# Items listed in a dataset
----------------------------------------
Lemma theta_linear : linear th.
Proof.
move=> r a b; set M := (nil_index (r *: a + b) + nil_index a + nil_index b)%N.
rewrite !(thetaE (M := M)); try lia.
rewrite (exp_polyP scaled_derivation) rmorphD rmorphM /= map_polyC.
by rewrite hornerD hornerM hornerC /= linearZ rmorph1 mulr_algl.
Qed.

Lemma theta_multiplicative : monoid_morphism th.
Proof.
split=> [|a b].
  rewrite (thetaE (M := nil_index 1)) // (exp_poly1 hchar scaled_derivation).
    by rewrite rmorph1 hornerC.
  exact: iter_scaled_nil.
set M := (nil_index (a * b) + nil_index a + nil_index b)%N.
have [DMab DMa DMb] : [/\ iter M D (a * b) = 0, iter M D a = 0 & iter M D b = 0].
  by split; apply: iter_scaled_nil; lia.
rewrite !(thetaE (M := M)); try lia.
by rewrite (exp_polyM hchar scaled_derivation) // rmorphM hornerM.
Qed.

Lemma theta_kalg_hom : kalg_hom th.
Proof.
have [theta1 thetaM] := theta_multiplicative.
by split=> //; apply: theta_linear.
Qed.

Lemma theta_bracket a b : th (brB a b) = brL (th a) (th b).
Proof.
set M := (nil_index (brB a b) + nil_index a + nil_index b)%N.
have [DMab DMa DMb] : [/\ iter M D (brB a b) = 0, iter M D a = 0 & iter M D b = 0].
  by split; apply: iter_scaled_nil; lia.
rewrite !(thetaE (M := M)); try lia.
rewrite (horner_laurent_bracket (poisson_bilinear hB) hal.1.1 hde.1 hL hbrL).
rewrite (exp_poly_bracket (poisson_bilinear hB) scaled_derivation
  (zmod_morphism_linear hal.1.1) scaled_compat scaled_comm hchar) //.
rewrite /laurent_bracket !(exp_poly_ode hchar scaled_derivation) //.
by rewrite !map_poly_scaled -!mul_polyC; congr (map_poly _ _).[_]; ring.
Qed.

End SkewLaurentTheta.

Theorem lemma3p7 (k : fieldType) (hchar : [pchar k] =i pred0)
  (B : comAlgType k) (brB : B -> B -> B) (al de : B -> B) (s : k)
  (hB : poisson_bracket brB)
  (hal : poisson_derivation brB al)
  (hde : derivation de)
  (hcompat : skew_poisson_compat brB al de)
  (hnil : locally_nilpotent de)
  (hs : s != 0)
  (hcomm : forall b : B, al (de b) = de (al b + s *: b))
  (L : comAlgType k) (iota : B -> L) (x xinv : L) (brL : L -> L -> L)
  (hL : is_laurent_ring iota x xinv)
  (hbrL : is_skew_laurent_bracket brB al de iota x brL) :
  kalg_hom (theta hnil s iota xinv) /\
  (forall a b : B,
      theta hnil s iota xinv (brB a b)
      = brL (theta hnil s iota xinv a) (theta hnil s iota xinv b)).
Proof.
split; first exact (theta_kalg_hom s hchar hde hnil hL).
exact (theta_bracket hchar hB hal hde hcompat hnil hcomm hL hbrL).
Qed.
(* Let $\mathbb{Z}[t]^o$ denote the submodule of $\mathrm{Hom}_{\mathbb{Z}}(\mathbb{Z}[t],\mathbb{Z})$ consisting of those $f$ whose kernel contains an ideal $I$ of $\mathbb{Z}[t]$ with $\mathbb{Z}[t]/I$ a free $\mathbb{Z}$-module of finite rank; identifying $f$ with the sequence $(f_n)_{n\ge 0}$, $f_n=f(t^n)$, $\mathbb{Z}[t]^o$ is exactly the module of integral linear recursive sequences, and it carries the co-ring structure dual to the multiplication of $\mathbb{Z}[t]$. Let $\pi:\mathbb{Z}[t]^o\to\mathbb{Z}$, $\pi(f)=f_1$ (dual to $\mathbb{Z}\hookrightarrow\mathbb{Z}[t]$, $a\mapsto at$). Then the cofree bi-ring on the ring $\mathbb{Z}$ (the value at $\mathbb{Z}$ of the right adjoint of the forgetful functor from bi-rings to rings, which coincides with the value at $\mathbb{Z}$ of the right adjoint of the forgetful functor from commutative cocommutative bi-rings to commutative rings) is $\mathbb{Z}[t]^o$ with this co-ring structure, and its ring structure — the unique one making $\pi$ a ring homomorphism compatible with the universal property — is the Hadamard product $(f\cdot g)_n=f_n g_n$ with unit the constant sequence $(1,1,1,\dots)$. In other words, the coordinate bi-ring of $\mathrm{Spec}(\mathbb{Z})/\mathbb{F}_1$ is the co-ring of integral linear recursive sequences equipped with the Hadamard product.
   Context: Rings, co-rings and bi-rings are over $\mathbb{Z}$ with torsion-free underlying modules; a bi-ring is a torsion-free $\mathbb{Z}$-bialgebra (ring and co-ring such that comultiplication and counit are ring maps). An integral linear recursive sequence is a sequence $(f_n)_{n\ge0}$ of integers for which there exist $r>0$ and $a_1,\dots,a_r\in\mathbb{Z}$ with $f_n=a_1f_{n-1}+\dots+a_rf_{n-r}$ for all $n\ge r$. The co-ring structure on $\mathbb{Z}[t]^o$ is the direct limit of the duals of the rings $\mathbb{Z}[t]/(m(t))$, $m$ monic. The paper proposes that $\mathbb{F}_1$-algebras are bi-rings, the co-ring structure being descent data from $\mathbb{Z}$ to $\mathbb{F}_1$, and the coordinate bi-ring of $\mathrm{Spec}(\mathbb{Z})/\mathbb{F}_1$ is by definition the cofree bi-ring on $\mathbb{Z}$ (right adjoint of the forgetful functor applied to $\mathbb{Z}$). *)

From HB Require Import structures.
From mathcomp Require Import all_boot all_order all_algebra.
Set Implicit Arguments. Unset Strict Implicit. Unset Printing Implicit Defensive.
Import Order.TTheory GRing.Theory Num.Theory.
Local Open Scope ring_scope.

(* Two formal sums  sum_i x_i (x) y_i  represent the same element of V (x)_Z V
   iff they agree under every biadditive map to every abelian group
   (universal property of the tensor product). *)
Definition biadditive (V M : zmodType) (b : V -> V -> M) : Prop :=
  (forall x y z, b (x + y) z = b x z + b y z) /\
  (forall x y z, b x (y + z) = b x y + b x z).

Definition teq2 (V : zmodType) (s t : seq (V * V)) : Prop :=
  forall (M : zmodType) (b : V -> V -> M), biadditive b ->
    \sum_(p <- s) b p.1 p.2 = \sum_(p <- t) b p.1 p.2.

Definition triadditive (V M : zmodType) (b : V -> V -> V -> M) : Prop :=
  (forall x x' y z, b (x + x') y z = b x y z + b x' y z) /\
  (forall x y y' z, b x (y + y') z = b x y z + b x y' z) /\
  (forall x y z z', b x y (z + z') = b x y z + b x y z').

Definition teq3 (V : zmodType) (s t : seq (V * V * V)) : Prop :=
  forall (M : zmodType) (b : V -> V -> V -> M), triadditive b ->
    \sum_(p <- s) b p.1.1 p.1.2 p.2 = \sum_(p <- t) b p.1.1 p.1.2 p.2.

(* D x is a representative (formal sum of pure tensors) of Delta(x). *)
Definition biring_axioms (B : pzRingType) (D : B -> seq (B * B)) (e : B -> int)
  : Prop :=
  [/\
      forall (x : B) (n : nat), (0 < n)%N -> x *+ n = 0 -> x = 0,
      (forall x y, e (x + y) = e x + e y) /\ e 1 = 1 /\
      (forall x y, e (x * y) = e x * e y),
      (forall x y, teq2 (D (x + y)) (D x ++ D y)) /\
      teq2 (D 1) [:: (1, 1)] /\
      (forall x y, teq2 (D (x * y))
                        [seq (p.1 * q.1, p.2 * q.2) | p <- D x, q <- D y]),
      forall x, \sum_(p <- D x) (p.2 *~ e p.1) = x /\
                \sum_(p <- D x) (p.1 *~ e p.2) = x
    &
      forall x, teq3 [seq (q.1, q.2, p.2) | p <- D x, q <- D p.1]
                     [seq (p.1, q.1, q.2) | p <- D x, q <- D p.2]].

Record biring := BiRing {
  br_ring :> pzRingType;
  br_D : br_ring -> seq (br_ring * br_ring);
  br_e : br_ring -> int;
  br_ax : biring_axioms br_D br_e }.

Definition ring_hom_to_Z (B : pzRingType) (phi : B -> int) : Prop :=
  (forall x y, phi (x + y) = phi x + phi y) /\ phi 1 = 1 /\
  (forall x y, phi (x * y) = phi x * phi y).

Definition biring_hom (B C : biring) (f : B -> C) : Prop :=
  [/\ forall x y : B, f (x + y) = f x + f y,
      f 1 = 1,
      forall x y : B, f (x * y) = f x * f y,
      forall x : B, @br_e C (f x) = @br_e B x
    & forall x : B, teq2 (@br_D C (f x)) [seq (f p.1, f p.2) | p <- @br_D B x]].

(* the linear form on Z[t] attached to a sequence: f(t^n) = f_n *)
Definition seq_pair (f : nat -> int) (p : {poly int}) : int :=
  \sum_(i < size p) p`_i * f i.

Definition is_ideal (I : {poly int} -> Prop) : Prop :=
  [/\ I 0, (forall p q, I p -> I q -> I (p + q)) & (forall p q, I q -> I (p * q))].

(* Z[t]/I is a free Z-module of finite rank n, with basis the classes of e_i *)
Definition free_finite_quotient (I : {poly int} -> Prop) : Prop :=
  exists (n : nat) (e : 'I_n -> {poly int}),
    forall p : {poly int}, exists! c : {ffun 'I_n -> int},
      I (p - \sum_(i < n) c i *: e i).

Definition ZtO (f : nat -> int) : Prop :=
  exists I : {poly int} -> Prop,
    [/\ is_ideal I, free_finite_quotient I & forall p, I p -> seq_pair f p = 0].

Definition linrec (f : nat -> int) : Prop :=
  exists (r : nat) (a : 'I_r -> int), (0 < r)%N /\
    forall n, (r <= n)%N -> f n = \sum_(i < r) a i * f (n - i.+1)%N.

(* A sequence f lies in Z[t]^o iff some monic m annihilates it under the pairing
   f(t^n) = f_n: the ideal of a finite free quotient contains the characteristic
   polynomial of multiplication by t (determinant trick), and conversely
   Z[t]/(m) is free on 1, ..., t^(deg m - 1).  Being annihilated by a monic m is
   exactly linear recursiveness, and then f = \sum_(l < deg m) f_l delta_l with
   delta_l(n) the l-th coefficient of t^n mod m; applied to the shifts of f this
   gives the comultiplication f_(i+j) = \sum_l f_(i+l) delta_l(j).  Since all the
   sequences involved in a tensor identity lie in the span of the delta_l of a
   common monic annihilator, tensor identities in L (x) L can be checked on the
   functionals (f, g) |-> f_i g_j.
   Hadamard products stay linear recursive because a sequence whose shifts lie
   in a finitely generated Z-module is linear recursive (Z^K is Noetherian).
   For cofreeness, a ring map phi : B -> Z yields the convolution powers
   Phi_n = phi^{*n} (Phi_0 = counit) with Phi_(i+j)(x) = \sum Phi_i(x') Phi_j(x''),
   so n |-> Phi_n(x) is linear recursive and x |-> Phi(x) is a bi-ring map; any
   bi-ring map Psi with Psi(b)_1 = phi b satisfies the same recursion. *)

From HB Require Import structures.
From mathcomp Require Import all_boot all_order all_algebra.
From mathcomp Require Import boolp zify ring.
Import Order.TTheory GRing.Theory Num.Theory.
Local Open Scope ring_scope.
Set Implicit Arguments. Unset Strict Implicit. Unset Printing Implicit Defensive.

Section AdditiveMaps.
Variables (U V : zmodType) (F : U -> V).
Hypothesis F_add : {morph F : x y / x + y}.

Lemma additive0 : F 0 = 0.
Proof. by apply: (addrI (F 0)); rewrite -F_add !addr0. Qed.

Lemma additiveN x : F (- x) = - F x.
Proof. by apply: (addrI (F x)); rewrite -F_add !subrr additive0. Qed.

Lemma additive_sum (I : Type) (r : seq I) (P : pred I) (E : I -> U) :
  F (\sum_(i <- r | P i) E i) = \sum_(i <- r | P i) F (E i).
Proof. exact: (big_morph F F_add additive0). Qed.

Lemma additiveMn x k : F (x *+ k) = F x *+ k.
Proof. by elim: k => [|k IH]; rewrite ?mulr0n ?additive0 // !mulrS F_add IH. Qed.

Lemma additiveMz x c : F (x *~ c) = F x *~ c.
Proof. by case: c => k; rewrite ?NegzE ?mulrNz ?additiveN additiveMn. Qed.

End AdditiveMaps.

Definition shift (k : nat) (f : nat -> int) : nat -> int := fun j => f (k + j)%N.

Section Pairing.
Implicit Types (f g : nat -> int) (p q : {poly int}).

Lemma seq_pair_widen f p n : (size p <= n)%N ->
  seq_pair f p = \sum_(i < n) p`_i * f i.
Proof.
move=> le_p_n; rewrite /seq_pair -(subnKC le_p_n) big_split_ord /=.
rewrite [X in _ + X]big1 ?addr0 // => i _.
by rewrite nth_default ?mul0r // leq_addr.
Qed.
(* Let $L,n$ be positive integers and $B=(B_1,\dots,B_L)\in\mathcal M(L,n)$. Then $\rho_N(B)\in\mathrm{MLQ}_0(\mu,n)$ for some partition $\mu$, and $\rho_Q(B)$ is a semistandard Young tableau of shape $\mu'$ with content $(|B_1|,\dots,|B_L|)$.
   Context: $\mathcal M(L,n)$ is the set of tuples $B=(B_1,\dots,B_L)$ of subsets of $[n]$, drawn with rows $1..L$ bottom to top and columns $1..n$ left to right, ball in $(r,j)$ iff $j\in B_r$; tuples whose top rows are empty are identified with the tuple obtained by deleting those rows. For a partition $\mu$ ($\mu'$ its conjugate) with $n\ge\ell(\mu)$, $\mathrm{MLQ}(\mu,n)$ is the set of tuples $(B_1,\dots,B_{\mu_1})$ with $|B_j|=\mu'_j$. Diagrams are in French notation (row 1 at the bottom); semistandard means weakly increasing along rows, strictly increasing up columns; content $(c_1,c_2,\dots)$ counts entries equal to $1,2,\dots$. The column word $\mathrm{cw}(B)$ scans columns left to right, each top to bottom, recording row numbers of balls. Major index: for $M\in\mathrm{MLQ}(\mu,n)$, for $r=\mu_1,\dots,2$, unlabelled balls of row $r$ get label $r$; then balls of row $r$ in decreasing label order (left to right among ties) are each paired with the first unlabelled ball of row $r-1$ weakly to the right, cyclically modulo $n$, which gets the same label; a pairing wraps if the lower ball is strictly left of the upper. $\operatorname{maj}(M)=\sum(\ell(p)-r(p)+1)$ over wrapping pairings ($r(p)$ upper row, $\ell(p)$ label); $\mathrm{MLQ}_0(\mu,n)$ is the set of $M$ with $\operatorname{maj}(M)=0$. Collapsing. $\mathrm{Par}_i(w)$ writes ''('' for each letter $i+1$ and '')'' for each letter $i$ of $w$, left to right, and iteratively matches a ''('' with a '')'' to its right when adjacent or separated only by matched parentheses. $e_i^\star(B)$ moves every ball of row $i+1$ whose letter in $\mathrm{cw}(B)$ is unmatched in $\mathrm{Par}_i(\mathrm{cw}(B))$ down to row $i$ in the same column. Products act right to left; $e^\star_{[a,b]}=e^\star_ae^\star_{a+1}\cdots e^\star_b$; $\rho_N(B)=e^\star_{[1,L-1]}\cdots e^\star_{[1,1]}(B)$. Let $N^{(k)}$ be the bottom $k$ rows of $e^\star_{[1,k-1]}\cdots e^\star_{[1,1]}(B)$ for $1\le k\le L$, $N^{(0)}$ empty; $\rho_Q(B)$ is the filling (in French notation) whose row $r$ consists of $|N^{(i)}_r|-|N^{(i-1)}_r|$ entries equal to $i$ for each $i=1,\dots,L$ (with $|N^{(i-1)}_i|=0$), written in weakly increasing order. *)

From mathcomp Require Import all_boot.
Set Implicit Arguments. Unset Strict Implicit. Unset Printing Implicit Defensive.

(* A ball arrangement B = (B_1,...,B_L) in M(L,n) is a seq {set 'I_n} of size L;
   row r (1-based) is [row B r] = nth set0 B (r-1); column j (1-based) is the
   ordinal j-1. Rows beyond size B are empty (identification of empty top rows). *)

Definition row n (B : seq {set 'I_n}) (r : nat) : {set 'I_n} := nth set0 B r.-1.

(* column word, as the list of (row, column) positions of the letters:
   columns left to right, each column top to bottom; the letter is the row. *)
Definition cw n (B : seq {set 'I_n}) : seq (nat * nat) :=
  flatten [seq [seq (r, nat_of_ord j) | r <- rev (iota 1 (size B)) & j \in row B r]
          | j <- enum 'I_n].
----------------------------------------
# THE PROBLEM
The required output is the exact run of lines from the beginning of the records to the line with "rewrite /laurent_bracket !(exp_poly_ode", that line included.

# RESPONSE TO THIS EXERCISE
Lemma theta_linear : linear th.
Proof.
move=> r a b; set M := (nil_index (r *: a + b) + nil_index a + nil_index b)%N.
rewrite !(thetaE (M := M)); try lia.
rewrite (exp_polyP scaled_derivation) rmorphD rmorphM /= map_polyC.
by rewrite hornerD hornerM hornerC /= linearZ rmorph1 mulr_algl.
Qed.

Lemma theta_multiplicative : monoid_morphism th.
Proof.
split=> [|a b].
  rewrite (thetaE (M := nil_index 1)) // (exp_poly1 hchar scaled_derivation).
    by rewrite rmorph1 hornerC.
  exact: iter_scaled_nil.
set M := (nil_index (a * b) + nil_index a + nil_index b)%N.
have [DMab DMa DMb] : [/\ iter M D (a * b) = 0, iter M D a = 0 & iter M D b = 0].
  by split; apply: iter_scaled_nil; lia.
rewrite !(thetaE (M := M)); try lia.
by rewrite (exp_polyM hchar scaled_derivation) // rmorphM hornerM.
Qed.

Lemma theta_kalg_hom : kalg_hom th.
Proof.
have [theta1 thetaM] := theta_multiplicative.
by split=> //; apply: theta_linear.
Qed.

Lemma theta_bracket a b : th (brB a b) = brL (th a) (th b).
Proof.
set M := (nil_index (brB a b) + nil_index a + nil_index b)%N.
have [DMab DMa DMb] : [/\ iter M D (brB a b) = 0, iter M D a = 0 & iter M D b = 0].
  by split; apply: iter_scaled_nil; lia.
rewrite !(thetaE (M := M)); try lia.
rewrite (horner_laurent_bracket (poisson_bilinear hB) hal.1.1 hde.1 hL hbrL).
rewrite (exp_poly_bracket (poisson_bilinear hB) scaled_derivation
  (zmod_morphism_linear hal.1.1) scaled_compat scaled_comm hchar) //.
rewrite /laurent_bracket !(exp_poly_ode hchar scaled_derivation) //.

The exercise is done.